Recorded data

● ● ● ● ● ● ●

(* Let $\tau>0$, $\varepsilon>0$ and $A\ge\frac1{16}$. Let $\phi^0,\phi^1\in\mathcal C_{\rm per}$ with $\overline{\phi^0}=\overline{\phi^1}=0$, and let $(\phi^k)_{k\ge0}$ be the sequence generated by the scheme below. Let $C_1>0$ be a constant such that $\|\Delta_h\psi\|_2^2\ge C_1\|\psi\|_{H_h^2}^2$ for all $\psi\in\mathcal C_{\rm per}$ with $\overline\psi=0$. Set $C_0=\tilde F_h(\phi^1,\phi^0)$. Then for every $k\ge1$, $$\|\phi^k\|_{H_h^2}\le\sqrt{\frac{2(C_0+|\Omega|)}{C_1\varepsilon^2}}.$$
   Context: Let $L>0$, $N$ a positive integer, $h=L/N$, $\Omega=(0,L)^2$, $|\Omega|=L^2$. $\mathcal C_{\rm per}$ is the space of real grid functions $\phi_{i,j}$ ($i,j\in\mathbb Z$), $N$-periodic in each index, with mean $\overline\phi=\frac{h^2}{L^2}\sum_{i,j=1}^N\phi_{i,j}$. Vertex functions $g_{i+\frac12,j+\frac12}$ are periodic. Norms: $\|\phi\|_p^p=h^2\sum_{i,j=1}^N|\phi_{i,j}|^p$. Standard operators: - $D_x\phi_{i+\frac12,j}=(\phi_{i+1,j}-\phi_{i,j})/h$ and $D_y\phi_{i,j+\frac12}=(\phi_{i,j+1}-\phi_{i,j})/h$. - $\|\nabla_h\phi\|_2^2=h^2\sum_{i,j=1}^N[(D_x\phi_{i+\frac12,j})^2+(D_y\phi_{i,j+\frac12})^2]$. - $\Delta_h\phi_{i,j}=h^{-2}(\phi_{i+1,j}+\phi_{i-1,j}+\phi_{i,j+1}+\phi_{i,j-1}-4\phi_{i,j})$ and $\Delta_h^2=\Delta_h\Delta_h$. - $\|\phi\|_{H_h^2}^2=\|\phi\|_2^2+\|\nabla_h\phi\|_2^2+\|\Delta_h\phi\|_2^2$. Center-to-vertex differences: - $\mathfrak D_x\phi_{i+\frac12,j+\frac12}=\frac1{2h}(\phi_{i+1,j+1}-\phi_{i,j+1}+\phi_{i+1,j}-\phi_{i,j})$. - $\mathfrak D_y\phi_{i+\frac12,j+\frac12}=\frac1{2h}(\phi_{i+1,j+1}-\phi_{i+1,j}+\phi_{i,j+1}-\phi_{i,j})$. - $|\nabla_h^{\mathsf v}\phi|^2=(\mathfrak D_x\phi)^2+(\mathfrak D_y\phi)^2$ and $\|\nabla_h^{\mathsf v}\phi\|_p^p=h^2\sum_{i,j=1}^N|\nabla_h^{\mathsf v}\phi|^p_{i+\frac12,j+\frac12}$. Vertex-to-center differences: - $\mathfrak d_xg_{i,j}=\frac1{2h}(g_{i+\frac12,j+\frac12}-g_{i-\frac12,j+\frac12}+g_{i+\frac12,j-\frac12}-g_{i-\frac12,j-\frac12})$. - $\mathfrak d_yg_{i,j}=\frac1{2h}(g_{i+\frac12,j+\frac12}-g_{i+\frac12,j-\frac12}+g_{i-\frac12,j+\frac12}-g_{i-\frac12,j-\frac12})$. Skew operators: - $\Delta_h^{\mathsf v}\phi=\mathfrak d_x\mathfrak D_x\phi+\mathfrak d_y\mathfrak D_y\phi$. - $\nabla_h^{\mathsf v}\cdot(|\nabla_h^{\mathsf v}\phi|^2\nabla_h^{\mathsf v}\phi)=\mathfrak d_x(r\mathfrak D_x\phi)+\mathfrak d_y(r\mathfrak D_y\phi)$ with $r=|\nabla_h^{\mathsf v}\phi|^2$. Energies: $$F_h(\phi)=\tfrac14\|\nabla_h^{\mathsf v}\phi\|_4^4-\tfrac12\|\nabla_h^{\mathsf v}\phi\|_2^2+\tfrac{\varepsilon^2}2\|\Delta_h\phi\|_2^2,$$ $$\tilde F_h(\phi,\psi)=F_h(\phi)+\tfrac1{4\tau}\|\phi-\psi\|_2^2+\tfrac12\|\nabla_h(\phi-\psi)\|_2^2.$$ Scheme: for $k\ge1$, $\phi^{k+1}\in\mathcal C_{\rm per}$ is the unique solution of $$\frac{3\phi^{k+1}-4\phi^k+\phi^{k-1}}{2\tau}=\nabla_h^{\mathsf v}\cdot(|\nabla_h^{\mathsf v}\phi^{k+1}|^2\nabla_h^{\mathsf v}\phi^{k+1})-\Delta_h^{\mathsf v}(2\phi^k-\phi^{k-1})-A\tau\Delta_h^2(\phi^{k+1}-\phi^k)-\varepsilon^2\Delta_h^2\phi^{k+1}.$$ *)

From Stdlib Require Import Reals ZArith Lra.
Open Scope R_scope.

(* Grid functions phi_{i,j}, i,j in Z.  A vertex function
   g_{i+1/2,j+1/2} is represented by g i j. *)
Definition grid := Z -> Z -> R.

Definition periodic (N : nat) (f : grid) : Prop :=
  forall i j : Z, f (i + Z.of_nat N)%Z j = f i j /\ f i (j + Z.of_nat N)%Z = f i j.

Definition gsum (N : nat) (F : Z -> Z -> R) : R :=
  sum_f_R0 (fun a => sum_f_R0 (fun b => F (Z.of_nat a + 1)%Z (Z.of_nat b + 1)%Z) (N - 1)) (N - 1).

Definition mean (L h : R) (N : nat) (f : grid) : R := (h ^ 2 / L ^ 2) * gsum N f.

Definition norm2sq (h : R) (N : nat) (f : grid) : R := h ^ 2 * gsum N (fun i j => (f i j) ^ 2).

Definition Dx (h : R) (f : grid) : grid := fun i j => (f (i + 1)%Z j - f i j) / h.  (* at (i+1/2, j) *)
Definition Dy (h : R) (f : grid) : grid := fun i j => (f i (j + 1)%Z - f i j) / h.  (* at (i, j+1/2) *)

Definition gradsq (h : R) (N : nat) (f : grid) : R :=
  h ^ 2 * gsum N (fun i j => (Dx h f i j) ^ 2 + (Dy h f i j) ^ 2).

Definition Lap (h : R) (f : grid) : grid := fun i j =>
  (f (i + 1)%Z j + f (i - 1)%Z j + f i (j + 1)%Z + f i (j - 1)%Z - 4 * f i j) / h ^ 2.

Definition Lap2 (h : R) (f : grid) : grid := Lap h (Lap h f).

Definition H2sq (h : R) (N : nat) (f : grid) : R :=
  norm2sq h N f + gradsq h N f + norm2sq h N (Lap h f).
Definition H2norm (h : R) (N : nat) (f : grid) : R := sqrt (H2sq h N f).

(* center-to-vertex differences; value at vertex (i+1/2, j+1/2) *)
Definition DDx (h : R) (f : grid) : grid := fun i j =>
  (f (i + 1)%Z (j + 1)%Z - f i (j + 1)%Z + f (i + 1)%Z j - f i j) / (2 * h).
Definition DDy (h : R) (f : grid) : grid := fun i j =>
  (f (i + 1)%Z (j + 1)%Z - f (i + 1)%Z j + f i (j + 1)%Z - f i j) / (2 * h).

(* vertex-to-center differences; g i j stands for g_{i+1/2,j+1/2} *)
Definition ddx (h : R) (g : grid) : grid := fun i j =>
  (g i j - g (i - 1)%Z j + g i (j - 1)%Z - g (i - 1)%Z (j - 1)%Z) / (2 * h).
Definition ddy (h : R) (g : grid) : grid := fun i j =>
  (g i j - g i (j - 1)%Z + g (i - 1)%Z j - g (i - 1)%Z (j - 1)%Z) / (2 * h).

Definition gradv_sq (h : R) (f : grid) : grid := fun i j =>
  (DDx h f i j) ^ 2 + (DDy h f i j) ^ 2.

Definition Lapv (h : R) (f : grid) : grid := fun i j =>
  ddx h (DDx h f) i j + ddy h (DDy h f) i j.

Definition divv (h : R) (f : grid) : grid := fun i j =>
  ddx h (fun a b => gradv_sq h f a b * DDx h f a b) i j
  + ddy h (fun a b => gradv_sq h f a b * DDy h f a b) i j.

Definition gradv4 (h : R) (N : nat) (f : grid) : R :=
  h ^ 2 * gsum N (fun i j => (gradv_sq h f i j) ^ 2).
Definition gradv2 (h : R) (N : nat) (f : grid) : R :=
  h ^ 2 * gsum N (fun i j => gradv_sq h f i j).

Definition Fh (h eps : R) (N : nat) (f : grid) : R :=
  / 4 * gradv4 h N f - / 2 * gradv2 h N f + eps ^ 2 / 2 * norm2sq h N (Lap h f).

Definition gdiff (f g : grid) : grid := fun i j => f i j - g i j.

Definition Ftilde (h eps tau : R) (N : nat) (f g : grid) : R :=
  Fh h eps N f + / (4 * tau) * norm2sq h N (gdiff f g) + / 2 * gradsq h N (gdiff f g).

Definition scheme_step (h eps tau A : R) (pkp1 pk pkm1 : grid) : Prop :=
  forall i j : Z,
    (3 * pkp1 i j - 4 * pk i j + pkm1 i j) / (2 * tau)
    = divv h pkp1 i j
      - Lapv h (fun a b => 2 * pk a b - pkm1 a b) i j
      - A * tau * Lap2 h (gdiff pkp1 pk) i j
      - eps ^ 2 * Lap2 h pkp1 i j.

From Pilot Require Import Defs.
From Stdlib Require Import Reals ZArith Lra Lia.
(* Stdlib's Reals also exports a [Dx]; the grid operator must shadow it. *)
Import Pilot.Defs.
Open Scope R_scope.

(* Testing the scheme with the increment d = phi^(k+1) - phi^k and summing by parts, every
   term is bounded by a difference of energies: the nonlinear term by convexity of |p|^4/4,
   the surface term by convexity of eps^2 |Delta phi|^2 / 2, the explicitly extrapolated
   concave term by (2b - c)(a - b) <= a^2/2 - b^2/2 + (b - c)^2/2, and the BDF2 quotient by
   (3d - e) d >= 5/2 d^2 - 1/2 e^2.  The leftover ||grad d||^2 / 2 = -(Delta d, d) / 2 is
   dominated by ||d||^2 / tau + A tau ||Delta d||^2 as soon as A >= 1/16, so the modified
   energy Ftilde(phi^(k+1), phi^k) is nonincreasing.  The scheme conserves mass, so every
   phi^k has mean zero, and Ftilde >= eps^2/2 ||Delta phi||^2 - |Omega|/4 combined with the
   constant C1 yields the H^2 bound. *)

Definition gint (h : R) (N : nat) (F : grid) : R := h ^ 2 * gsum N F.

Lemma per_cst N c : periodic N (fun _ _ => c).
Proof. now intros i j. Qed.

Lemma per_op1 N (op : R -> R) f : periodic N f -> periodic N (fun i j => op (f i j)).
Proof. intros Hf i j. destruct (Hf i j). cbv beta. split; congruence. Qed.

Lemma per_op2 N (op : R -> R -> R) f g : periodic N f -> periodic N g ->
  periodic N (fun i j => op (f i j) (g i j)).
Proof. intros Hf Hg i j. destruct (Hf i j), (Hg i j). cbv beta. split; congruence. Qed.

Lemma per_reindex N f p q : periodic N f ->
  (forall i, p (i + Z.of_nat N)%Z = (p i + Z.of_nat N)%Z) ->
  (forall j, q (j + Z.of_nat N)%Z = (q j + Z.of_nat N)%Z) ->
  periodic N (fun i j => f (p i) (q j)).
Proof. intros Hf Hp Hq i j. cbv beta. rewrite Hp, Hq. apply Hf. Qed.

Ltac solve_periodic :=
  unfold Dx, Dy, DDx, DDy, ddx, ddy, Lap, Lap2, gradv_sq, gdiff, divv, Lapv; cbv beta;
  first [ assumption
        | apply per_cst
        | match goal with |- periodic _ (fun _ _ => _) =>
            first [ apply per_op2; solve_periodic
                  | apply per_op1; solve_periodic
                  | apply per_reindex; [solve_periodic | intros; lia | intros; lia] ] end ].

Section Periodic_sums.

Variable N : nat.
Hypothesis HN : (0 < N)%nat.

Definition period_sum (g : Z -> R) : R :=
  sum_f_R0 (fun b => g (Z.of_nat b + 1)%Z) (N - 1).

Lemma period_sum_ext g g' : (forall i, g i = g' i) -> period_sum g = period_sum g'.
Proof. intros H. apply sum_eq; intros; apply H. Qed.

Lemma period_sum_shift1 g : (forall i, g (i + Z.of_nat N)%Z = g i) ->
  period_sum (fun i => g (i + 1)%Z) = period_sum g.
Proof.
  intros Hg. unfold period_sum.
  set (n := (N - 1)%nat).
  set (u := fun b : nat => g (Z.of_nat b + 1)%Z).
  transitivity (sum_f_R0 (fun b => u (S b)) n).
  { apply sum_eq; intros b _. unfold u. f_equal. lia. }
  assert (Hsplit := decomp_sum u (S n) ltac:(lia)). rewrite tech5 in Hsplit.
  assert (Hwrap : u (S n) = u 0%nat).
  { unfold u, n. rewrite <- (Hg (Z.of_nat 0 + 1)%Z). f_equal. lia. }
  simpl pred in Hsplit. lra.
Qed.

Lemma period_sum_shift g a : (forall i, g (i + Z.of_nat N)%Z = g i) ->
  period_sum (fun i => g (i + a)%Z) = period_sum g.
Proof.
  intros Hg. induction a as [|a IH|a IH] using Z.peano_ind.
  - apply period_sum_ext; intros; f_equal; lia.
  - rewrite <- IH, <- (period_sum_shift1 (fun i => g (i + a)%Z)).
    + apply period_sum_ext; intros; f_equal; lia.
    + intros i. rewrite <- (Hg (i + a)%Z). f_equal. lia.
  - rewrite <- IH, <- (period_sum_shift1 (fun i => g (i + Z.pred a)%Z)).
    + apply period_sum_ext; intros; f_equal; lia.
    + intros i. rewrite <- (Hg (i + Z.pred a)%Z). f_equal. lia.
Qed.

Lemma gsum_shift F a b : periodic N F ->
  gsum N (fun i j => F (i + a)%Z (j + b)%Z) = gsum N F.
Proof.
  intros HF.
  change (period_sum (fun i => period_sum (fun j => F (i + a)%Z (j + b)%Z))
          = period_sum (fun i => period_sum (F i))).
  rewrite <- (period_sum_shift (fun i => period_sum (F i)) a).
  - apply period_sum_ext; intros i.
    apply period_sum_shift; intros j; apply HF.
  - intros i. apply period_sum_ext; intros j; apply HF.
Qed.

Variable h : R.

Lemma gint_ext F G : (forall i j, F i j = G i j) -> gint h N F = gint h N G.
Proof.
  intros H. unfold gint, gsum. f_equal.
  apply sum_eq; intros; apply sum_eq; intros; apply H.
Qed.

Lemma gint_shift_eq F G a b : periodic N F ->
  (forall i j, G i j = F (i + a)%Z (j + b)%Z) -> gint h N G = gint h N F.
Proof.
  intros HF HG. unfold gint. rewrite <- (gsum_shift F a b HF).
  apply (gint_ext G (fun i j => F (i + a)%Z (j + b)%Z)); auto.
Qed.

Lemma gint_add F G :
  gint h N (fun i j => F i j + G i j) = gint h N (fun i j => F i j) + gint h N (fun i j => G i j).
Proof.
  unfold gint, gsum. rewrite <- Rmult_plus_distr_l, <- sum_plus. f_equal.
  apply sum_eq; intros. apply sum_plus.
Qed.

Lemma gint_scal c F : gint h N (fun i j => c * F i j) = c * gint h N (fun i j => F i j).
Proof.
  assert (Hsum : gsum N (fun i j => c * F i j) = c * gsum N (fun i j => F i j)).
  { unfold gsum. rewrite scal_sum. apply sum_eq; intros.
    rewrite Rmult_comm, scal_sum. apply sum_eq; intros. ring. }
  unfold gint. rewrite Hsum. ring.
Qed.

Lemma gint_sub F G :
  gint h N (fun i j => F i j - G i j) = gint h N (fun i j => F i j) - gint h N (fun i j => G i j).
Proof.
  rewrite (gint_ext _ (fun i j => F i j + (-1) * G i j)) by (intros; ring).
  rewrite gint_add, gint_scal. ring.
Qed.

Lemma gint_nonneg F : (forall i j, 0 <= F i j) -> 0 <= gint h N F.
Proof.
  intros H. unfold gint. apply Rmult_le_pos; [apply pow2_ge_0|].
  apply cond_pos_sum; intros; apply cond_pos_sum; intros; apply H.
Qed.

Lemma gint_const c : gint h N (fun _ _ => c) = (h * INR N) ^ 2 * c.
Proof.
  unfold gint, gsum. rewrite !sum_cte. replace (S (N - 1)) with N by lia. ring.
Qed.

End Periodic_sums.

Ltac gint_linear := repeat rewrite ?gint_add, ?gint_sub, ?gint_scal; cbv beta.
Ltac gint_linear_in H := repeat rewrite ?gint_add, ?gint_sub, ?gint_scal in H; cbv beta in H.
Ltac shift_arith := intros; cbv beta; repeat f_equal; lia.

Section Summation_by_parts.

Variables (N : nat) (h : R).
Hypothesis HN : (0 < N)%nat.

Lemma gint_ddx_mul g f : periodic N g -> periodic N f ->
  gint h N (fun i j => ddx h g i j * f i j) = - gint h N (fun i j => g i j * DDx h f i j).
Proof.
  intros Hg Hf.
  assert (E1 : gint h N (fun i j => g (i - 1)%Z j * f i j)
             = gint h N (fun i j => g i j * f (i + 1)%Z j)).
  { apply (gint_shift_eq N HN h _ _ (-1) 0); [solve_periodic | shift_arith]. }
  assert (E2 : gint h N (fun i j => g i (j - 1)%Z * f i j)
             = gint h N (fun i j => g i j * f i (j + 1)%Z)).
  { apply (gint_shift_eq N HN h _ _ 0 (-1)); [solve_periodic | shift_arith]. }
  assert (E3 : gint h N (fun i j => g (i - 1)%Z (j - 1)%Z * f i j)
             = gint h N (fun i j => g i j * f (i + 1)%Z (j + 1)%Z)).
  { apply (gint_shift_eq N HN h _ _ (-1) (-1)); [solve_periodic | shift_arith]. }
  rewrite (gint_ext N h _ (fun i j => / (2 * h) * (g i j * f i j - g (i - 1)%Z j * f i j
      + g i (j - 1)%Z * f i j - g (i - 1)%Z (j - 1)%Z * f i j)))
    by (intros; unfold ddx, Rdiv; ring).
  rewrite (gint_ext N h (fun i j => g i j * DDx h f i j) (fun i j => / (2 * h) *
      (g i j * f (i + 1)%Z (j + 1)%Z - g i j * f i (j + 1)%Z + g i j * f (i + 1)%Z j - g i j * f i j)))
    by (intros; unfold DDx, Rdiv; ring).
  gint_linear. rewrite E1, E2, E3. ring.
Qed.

● ● ● ● ● ● ●

What is needed - Would you output, from the records above, exactly the run of lines that starts at the line containing "Proof. intros H." and ends at the line containing "sum_eq; intros b", and only that run?

Solution to this problem -
Proof. intros H. apply sum_eq; intros; apply H. Qed.

Lemma period_sum_shift1 g : (forall i, g (i + Z.of_nat N)%Z = g i) ->
  period_sum (fun i => g (i + 1)%Z) = period_sum g.
Proof.
  intros Hg. unfold period_sum.
  set (n := (N - 1)%nat).
  set (u := fun b : nat => g (Z.of_nat b + 1)%Z).
  transitivity (sum_f_R0 (fun b => u (S b)) n).
  { apply sum_eq; intros b _. unfold u. f_equal. lia. }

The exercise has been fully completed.